Seat Belt Laws: Still Hazy After All These Years


Congressional Quarterly
May 4, 2009 – Page 1008
Seat Belt Laws: Still Hazy After All These Years
By Colby Itkowitz, CQ Staff
More than a half-century after the Ford Motor Co. introduced seat belts to American motorists, the campaign to get drivers and passengers to buckle up is still going on.
The federal government has for 41 years required that seat belts be installed in passenger autos, but state laws still vary widely. One state, New Hampshire, has no requirement that adults wear their belts; 15 states require them only for those in the front seat.
A big worry for safety advocates is that in 23 states — among them Florida, Pennsylvania and Virginia — police may not ticket motorists just for not wearing a belts. In those states, it’s a secondary violation that can be added to, say, a ticket for speeding or for running a red light.

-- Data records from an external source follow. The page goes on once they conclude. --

(* Let $P$ be a subsemigroup of a discrete group $Q$ and let $(X,P,T)$ be a directed locally compact semigroup action. Endow the semidirect product groupoid $G(X,P,T)$ with the topology $\mathcal T$ generated by the sets $Z(U,m,n,V)$. Then (a) $G(X,P,T)$ is an étale locally compact Hausdorff groupoid; (b) the canonical cocycle $c:G(X,P,T)\to Q$, $c(x,q,y)=q$, is continuous.
   Context: A right (partial) action of $P$ (identity $e$) on $X$: a subset $X*P\subset X\times P$ and $(x,m)\mapsto x\cdot m$ with $(x,e)\in X*P$, $x\cdot e=x$, and $(x,mn)\in X*P$ iff $(x,m)\in X*P$ and $(x\cdot m,n)\in X*P$, in which case $(x\cdot m)\cdot n=x\cdot(mn)$. $U(m)=\{x:(x,m)\in X*P\}$, $V(m)=\{x\cdot m\}$, $T_m:U(m)\to V(m)$, $T_mx=x\cdot m$; $m\le n$ iff $n=mp$ for some $p\in P$. Directed: whenever $U(m)\cap U(n)\ne\emptyset$ there is $r\ge m,n$ with $U(m)\cap U(n)=U(r)$. Locally compact: $X$ locally compact Hausdorff, $Q$ discrete, $U(m),V(m)$ open and $T_m$ a local homeomorphism. $G(X,P,T)=\{(x,q,y)\in X\times Q\times X: \exists m,n\in P, q=mn^{-1}, x\in U(m), y\in U(n), x\cdot m=y\cdot n\}$ with $(x,q,y)(y,q',z)=(x,qq',z)$, $(x,q,y)^{-1}=(y,q^{-1},x)$, unit space $X$ via $x\mapsto(x,e,x)$. For $m,n\in P$ and $U,V\subset X$ open, $Z(U,m,n,V)=\{(x,mn^{-1},y)\in G(X,P,T): x\in U, y\in V, x\cdot m=y\cdot n\}$; these sets form a basis for $\mathcal T$. *)

From HB Require Import structures.
From mathcomp Require Import all_boot all_classical.
From mathcomp Require Import topology.


Local Open Scope classical_set_scope.

Record group_str (Q : Type) := GroupStr {
  gmul : Q -> Q -> Q;
  ginv : Q -> Q;
  gone : Q;
  gmulA : forall a b c, gmul a (gmul b c) = gmul (gmul a b) c;
  gmul1l : forall a, gmul gone a = a;
  gmul1r : forall a, gmul a gone = a;
  gmulVl : forall a, gmul (ginv a) a = gone;
  gmulVr : forall a, gmul a (ginv a) = gone }.
Arguments gmul {Q} g _ _.
Arguments ginv {Q} g _.
Arguments gone {Q} g.

Definition subsemigroup_with_e {Q : Type} (GQ : group_str Q) (P : set Q) :=
  P (gone GQ) /\ forall m n, P m -> P n -> P (gmul GQ m n).

(** Data of a right partial action of P on X:
    [adom x m] means (x,m) \in X*P, [act x m] is x.m. *)
Record sg_action (X Q : Type) := SgAction {
  sP : set Q;
  adom : X -> Q -> Prop;
  act : X -> Q -> X }.
Arguments sP {X Q} s _.
Arguments adom {X Q} s _ _.
Arguments act {X Q} s _ _.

Four years ago, as part of the current highway law, Congress created grants for states that either have a primary enforcement law or that can prove an 85 percent or better rate of seat belt use with a secondary enforcement law. (Virginia Republican Sen. John W. Warner and New York Democrat Hillary Rodham Clinton sponsored a bill in 2003 to withhold 2 percent of highway funds from states that did not institute primary enforcement laws, but it was never acted on.)
The incentives generally haven’t worked. Legislation for primary enforcement has been introduced in 13 states, but none has passed it. Ohio, for instance, lost out on $26.7 million in extra funding — admittedly not a staggering amount given the cost of building roads — because its legislature did not pass a bill. Florida, with $35.5 million at stake, is among a handful of states still eligible for the grants if it can act before a June 30 deadline.
The result is that an alliance of consumer, health and safety organizations and insurance companies is pushing the government to force states to enact stricter seat belt laws. “Whenever Congress has passed a sanction compelling states to act, every state has passed a law,” says Jackie Gillan of Advocates for Highway and Transportation Safety. “No state has ever lost a single dollar of highway money, and thousands of lives have been saved.”
In 2000, for instance, Congress ordered states to set a new blood-alcohol limit for drivers or lose a portion of their highway funding; by 2005, every state had complied, Gillan says.
In this case, though, the financial incentives weren’t enough to motivate state legislatures, says Barbara Harsha, executive director of the Governors Highway Safety Association. The association is usually against sanctions and would prefer larger incentive grants, but Harsha has mixed feelings because she is a strong supporter of primary enforcement laws. “We know primary seat belt laws are effective, and we support enactment in all states,” she says. “We’re generally not supportive of sanctions and we’re not going to support primary seat belt sanctions. We may just take no position.”
Congress probably will revisit the question of sanctions this month, when it’s likely to start work on a new highway bill, and safety advocates say they have statistics on their side. “There is not a single thing that is more effective in reducing fatalities than to wear a safety belt,” says Rae Tyson, a spokesman for the National Highway Traffic Safety Administration. “It’s become a cliche, but it’s more effective than all other government safety mandates combined.”